April 02, 2013

Simple Cooking For The Low-Iodine Diet


Thyroid cancer diagnoses rates are increasing, especially among young women.  Many thyroid cancer patients undergo radioactive iodine treatment, a.k.a. RAI-131.  I have done so twice and learned along the way about how to cope with the seemingly bizarre low-iodine diet.
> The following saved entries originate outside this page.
Lemma mean_value_I f f1 : (forall x, inI x -> has_deriv_I f x (f1 x)) ->
  forall y z, inI y -> inI z -> y < z ->
  exists c, y <= c <= z /\ f z - f y = f1 c * (z - y).
Proof.
  intros Hd y z Hy Hz Hyz.
  destruct (MVT_gen (fun t => f (clamp t)) y z f1) as [c [Hc E]].
  - intros x Hx. rewrite Rmin_left, Rmax_right in Hx by lra.
    apply is_derive_Reals, derivable_pt_lim_clamp; [unfold inI in *; lra |].
    apply Hd. unfold inI in *; lra.
  - intros x _. apply continuity_clamp.
    intros t Ht. eapply has_deriv_I_continuous, Hd, Ht.
  - rewrite Rmin_left, Rmax_right in Hc by lra.
    rewrite (clamp_id y Hy), (clamp_id z Hz) in E.
    exists c; auto.
Qed.

Lemma continuous_I_attains_min f : (forall x, inI x -> continuous_in_I f x) ->
  exists x0, inI x0 /\ forall x, inI x -> f x0 <= f x.
Proof.
  intros Hc.
  destruct (continuity_ab_min (fun t => f (clamp t)) 0 1 Rle_0_1) as [b [Hb Hb1]].
  { intros c _; apply continuity_clamp; auto. }
  exists b; split; [exact Hb1 |].
  intros x Hx. specialize (Hb x Hx). rewrite (clamp_id x Hx), (clamp_id b Hb1) in Hb. exact Hb.
Qed.

Lemma continuous_I_bounded f : (forall x, inI x -> continuous_in_I f x) ->
  exists M, forall x, inI x -> Rabs (f x) <= M.
Proof.
  intros Hc.
  destruct (continuous_I_attains_min f Hc) as [a [_ Ha]].
  destruct (continuous_I_attains_min (fun x => - f x)) as [b [_ Hb]].
  { intros x Hx eps Heps. destruct (Hc x Hx eps Heps) as [d [Hd Hf]].
    exists d; split; auto. intros y Hy Hyx.
    replace (- f y - - f x) with (- (f y - f x)) by ring. rewrite Rabs_Ropp; auto. }
  exists (Rmax (Rabs (f a)) (Rabs (f b))).
  intros x Hx. specialize (Ha x Hx). specialize (Hb x Hx).
  unfold Rmax, Rabs; repeat destruct (Rcase_abs _); repeat destruct (Rle_dec _ _); lra.
Qed.

(** * Strict derivatives *)

Definition slope (f : R -> R) (y z : R) : R := (f z - f y) / (z - y).

Lemma slope_sym f y z : slope f y z = slope f z y.
Proof.
  unfold slope. destruct (Req_dec y z) as [-> | H]; [reflexivity | field; lra].
Qed.

Lemma slope_comp f g y z : y <> z -> f y <> f z ->
  slope (fun x => g (f x)) y z = slope g (f y) (f z) * slope f y z.
Proof. intros Hyz Hf. unfold slope. field. lra. Qed.

Definition strict_deriv_I (f : R -> R) (c l : R) : Prop :=
  forall eps, 0 < eps -> exists del, 0 < del /\
    forall y z, inI y -> inI z -> y <> z -> Rabs (y - c) < del -> Rabs (z - c) < del ->
      Rabs (slope f y z - l) < eps.

Lemma exists_near_in_I c d : inI c -> 0 < d ->
  exists y, inI y /\ y <> c /\ Rabs (y - c) < d.
Proof.
  intros Hc Hd. unfold inI in *.
  set (t := Rmin d (1/2) / 2).
  assert (Ht : 0 < t /\ t < d /\ t <= 1/4) by (unfold t, Rmin; destruct (Rle_dec d (1/2)); lra).
  destruct (Rle_dec c (1/2)).
  - exists (c + t). replace (c + t - c) with t by ring. rewrite Rabs_right; lra.
  - exists (c - t). replace (c - t - c) with (- t) by ring. rewrite Rabs_Ropp, Rabs_right; lra.
Qed.

Lemma strict_deriv_I_unique f c l l' : inI c ->
  strict_deriv_I f c l -> strict_deriv_I f c l' -> l = l'.
Proof.
  intros Hc H1 H2.
  destruct (Req_dec l l') as [E | Hne]; [exact E | exfalso].
  assert (Hpos : 0 < Rabs (l - l') / 2) by (pose proof (Rabs_pos_lt (l - l')); lra).
  destruct (H1 _ Hpos) as [d1 [Hd1 K1]].
  destruct (H2 _ Hpos) as [d2 [Hd2 K2]].
  destruct (exists_near_in_I c (Rmin d1 d2) Hc) as [y [Hy [Hyc Hyd]]].
  { apply Rmin_glb_lt; auto. }
  assert (Hcc : Rabs (c - c) < Rmin d1 d2) by (rewrite Rminus_diag, Rabs_R0; apply Rmin_glb_lt; auto).
  specialize (K1 c y Hc Hy (not_eq_sym Hyc) (Rabs_lt_Rmin_l _ _ _ Hcc) (Rabs_lt_Rmin_l _ _ _ Hyd)).
  specialize (K2 c y Hc Hy (not_eq_sym Hyc) (Rabs_lt_Rmin_r _ _ _ Hcc) (Rabs_lt_Rmin_r _ _ _ Hyd)).
  pose proof (Rabs_triang (slope f c y - l') (l - slope f c y)).
  replace (slope f c y - l' + (l - slope f c y)) with (l - l') in H by ring.
  rewrite <- Rabs_Ropp with (x := l - slope f c y) in H.
  replace (- (l - slope f c y)) with (slope f c y - l) in H by ring.
  lra.
Qed.

Lemma strict_deriv_I_ext f g c l : (forall x, inI x -> f x = g x) ->
  strict_deriv_I f c l -> strict_deriv_I g c l.
Proof.
  intros E H eps Heps. destruct (H eps Heps) as [d [Hd K]].
  exists d; split; auto. intros y z Hy Hz Hyz Hyc Hzc.
  unfold slope. rewrite <- (E y Hy), <- (E z Hz). apply K; auto.
Qed.

Lemma strict_deriv_I_id c : strict_deriv_I (fun x => x) c 1.
Proof.
  intros eps Heps. exists 1; split; [lra |]. intros y z _ _ Hyz _ _.
  unfold slope. replace ((z - y) / (z - y) - 1) with 0 by (field; lra).
  rewrite Rabs_R0; auto.
Qed.

Lemma slope_mean_value f f1 : (forall x, inI x -> has_deriv_I f x (f1 x)) ->
  forall y z, inI y -> inI z -> y <> z ->
  exists xi, Rmin y z <= xi <= Rmax y z /\ slope f y z = f1 xi.
Proof.
  intros Hd.
  assert (W : forall y z, inI y -> inI z -> y < z ->
            exists xi, Rmin y z <= xi <= Rmax y z /\ slope f y z = f1 xi).
  { intros y z Hy Hz Hyz.
    destruct (mean_value_I f f1 Hd y z Hy Hz Hyz) as [c [Hc E]].
    exists c. rewrite Rmin_left, Rmax_right by lra. split; [exact Hc |].
    unfold slope. rewrite E. field. lra. }
  intros y z Hy Hz Hyz. destruct (Rlt_or_le y z) as [L | L].
  - apply W; auto.
  - rewrite slope_sym, Rmin_comm, Rmax_comm. apply W; auto. lra.
Qed.

Lemma strict_deriv_I_of_C1 f f1 : (forall x, inI x -> has_deriv_I f x (f1 x)) ->
  (forall x, inI x -> continuous_in_I f1 x) -> forall c, inI c -> strict_deriv_I f c (f1 c).
Proof.
  intros Hd Hc c HcI eps Heps.
  destruct (Hc c HcI eps Heps) as [d [Hd0 K]].
  exists d; split; auto.
  intros y z Hy Hz Hyz Hyc Hzc.
  destruct (slope_mean_value f f1 Hd y z Hy Hz Hyz) as [x [Hx ->]].
  apply K.
  - unfold inI, Rmin, Rmax in *. destruct (Rle_dec y z); lra.
  - unfold Rmin, Rmax, Rabs in *. destruct (Rle_dec y z); repeat destruct (Rcase_abs _); lra.
Qed.

Lemma strict_deriv_I_continuous f c l : inI c -> strict_deriv_I f c l -> continuous_in_I f c.
Proof.
  intros Hc H. destruct (H 1 Rlt_0_1) as [d [Hd K]].
  apply (continuous_in_I_of_slope_bound f c (Rabs l + 1) d Hd).
  intros y Hy Hne Hyc.
  assert (Hcc : Rabs (c - c) < d) by (rewrite Rminus_diag, Rabs_R0; auto).
  specialize (K c y Hc Hy (not_eq_sym Hne) Hcc Hyc).
  pose proof (Rabs_triang_inv (slope f c y) l). unfold slope in *. lra.
Qed.

Lemma Rmult_approx m l eps : 0 < eps -> exists e, 0 < e /\
  forall a b, Rabs (a - m) < e -> Rabs (b - l) < e -> Rabs (a * b - m * l) < eps.
Proof.
  intros Heps.
  assert (Hml : 0 < Rabs m + Rabs l + 1) by (pose proof (Rabs_pos m); pose proof (Rabs_pos l); lra).
  set (e := eps / (Rabs m + Rabs l + 1)).
  assert (He : e * (Rabs m + Rabs l + 1) = eps) by (unfold e; field; lra).
  exists (Rmin 1 e); split.
  { apply Rmin_glb_lt; [lra | apply Rdiv_lt_0_compat; lra]. }
  intros a b Ha Hb.
  assert (Ha1 := Rabs_lt_Rmin_l _ _ _ Ha). assert (Ha2 := Rabs_lt_Rmin_r _ _ _ Ha).
  assert (Hb2 := Rabs_lt_Rmin_r _ _ _ Hb).
  replace (a * b - m * l) with ((a - m) * (b - l) + (a - m) * l + m * (b - l)) by ring.
  pose proof (Rabs_pos (a - m)). pose proof (Rabs_pos (b - l)).
  pose proof (Rabs_pos m). pose proof (Rabs_pos l).
  eapply Rle_lt_trans; [apply Rabs_triang |].
  eapply Rle_lt_trans; [apply Rplus_le_compat_r, Rabs_triang |].
  rewrite !Rabs_mult. nra.
Qed.

Lemma strict_deriv_I_comp f g c l l' : inI c -> maps_I f ->
  (forall y z, inI y -> inI z -> y <> z -> f y <> f z) ->
  strict_deriv_I f c l -> strict_deriv_I g (f c) l' ->
  strict_deriv_I (fun x => g (f x)) c (l' * l).
Proof.
  intros Hc Hf Hinj Df Dg eps Heps.
  destruct (Rmult_approx l' l eps Heps) as [e [He Hmul]].
  destruct (Df e He) as [df [Hdf Kf]].
  destruct (Dg e He) as [dg [Hdg Kg]].
  destruct (strict_deriv_I_continuous f c l Hc Df dg Hdg) as [dc [Hdc Kc]].
  exists (Rmin df dc); split; [apply Rmin_glb_lt; auto |].
  intros y z Hy Hz Hyz Hyc Hzc.
  rewrite slope_comp by auto.
  apply Hmul.
  - apply Kg; auto.
    + apply Kc; auto. exact (Rabs_lt_Rmin_r _ _ _ Hyc).
    + apply Kc; auto. exact (Rabs_lt_Rmin_r _ _ _ Hzc).
  - apply Kf; auto; eapply Rabs_lt_Rmin_l; eauto.
Qed.

(** * Bounded distortion *)

Lemma C2_on_I_deriv phi : C2_on_I phi -> exists phi1,
  (forall x, inI x -> has_deriv_I phi x (phi1 x)) /\
  (forall x, inI x -> continuous_in_I phi1 x) /\
  exists M, 0 <= M /\
    forall x y, inI x -> inI y -> Rabs (phi1 x - phi1 y) <= M * Rabs (x - y).
Proof.
  intros [f1 [f2 [H1 [H2 H3]]]].
  exists f1. split; [auto |]. split.
  { intros x Hx. eapply has_deriv_I_continuous, H2, Hx. }
  destruct (continuous_I_bounded f2) as [M HM].
  { intros x Hx eps Heps. destruct (filterlim_within_eps _ _ _ _ (H3 x Hx) eps Heps) as [d [Hd K]].
    exists d; split; auto. }
  exists M. split.
  { eapply Rle_trans; [apply Rabs_pos | apply (HM 0)]. unfold inI; lra. }
  intros x y Hx Hy.
  destruct (Req_dec x y) as [-> | Hne].
  { rewrite !Rminus_diag, Rabs_R0. pose proof (HM 0). lra. }
  destruct (slope_mean_value f1 f2 H2 x y Hx Hy Hne) as [c [Hc E]].
  unfold slope in E.
  replace (f1 x - f1 y) with (f2 c * (x - y)) by (rewrite <- E; field; lra).
  rewrite Rabs_mult. apply Rmult_le_compat_r; [apply Rabs_pos |].
  apply HM. unfold inI, Rmin, Rmax in *. destruct (Rle_dec x y); lra.
Qed.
When I was going through preparation for radioactive iodine treatment, the list of permitted foods on the low-iodine diet seemed grim.  Low-iodine diet cookbooks only made me feel worse; I am simple, lazy cook, adverse to complicated recipes and substitutions.  Plus, I didn’t want my shopping lists, recipes, or meals to remind me that I was on a freaky diet and a young adult suffering from thyroid cancer.

What worked best was to prepare foods and recipes I already liked and normally consumed that also happened to fit into the diet.  I was surprised how many there were.  I’ll share a few in upcoming posts, but my favorite were roasted vegetables. These easy tips will give you a lot of different dishes from this one simple cooking method:


* Before roasting your veggies, check with your doctor to see what vegetables you are allowed and if you can have olive oil and NON-iodized salt.  Diets can vary from doctor to doctor so be sure to ask!

* I particularly liked roasted carrots, asparagus, sweet potato, and butternut squash for the bright color and flavor they added to this often bland diet.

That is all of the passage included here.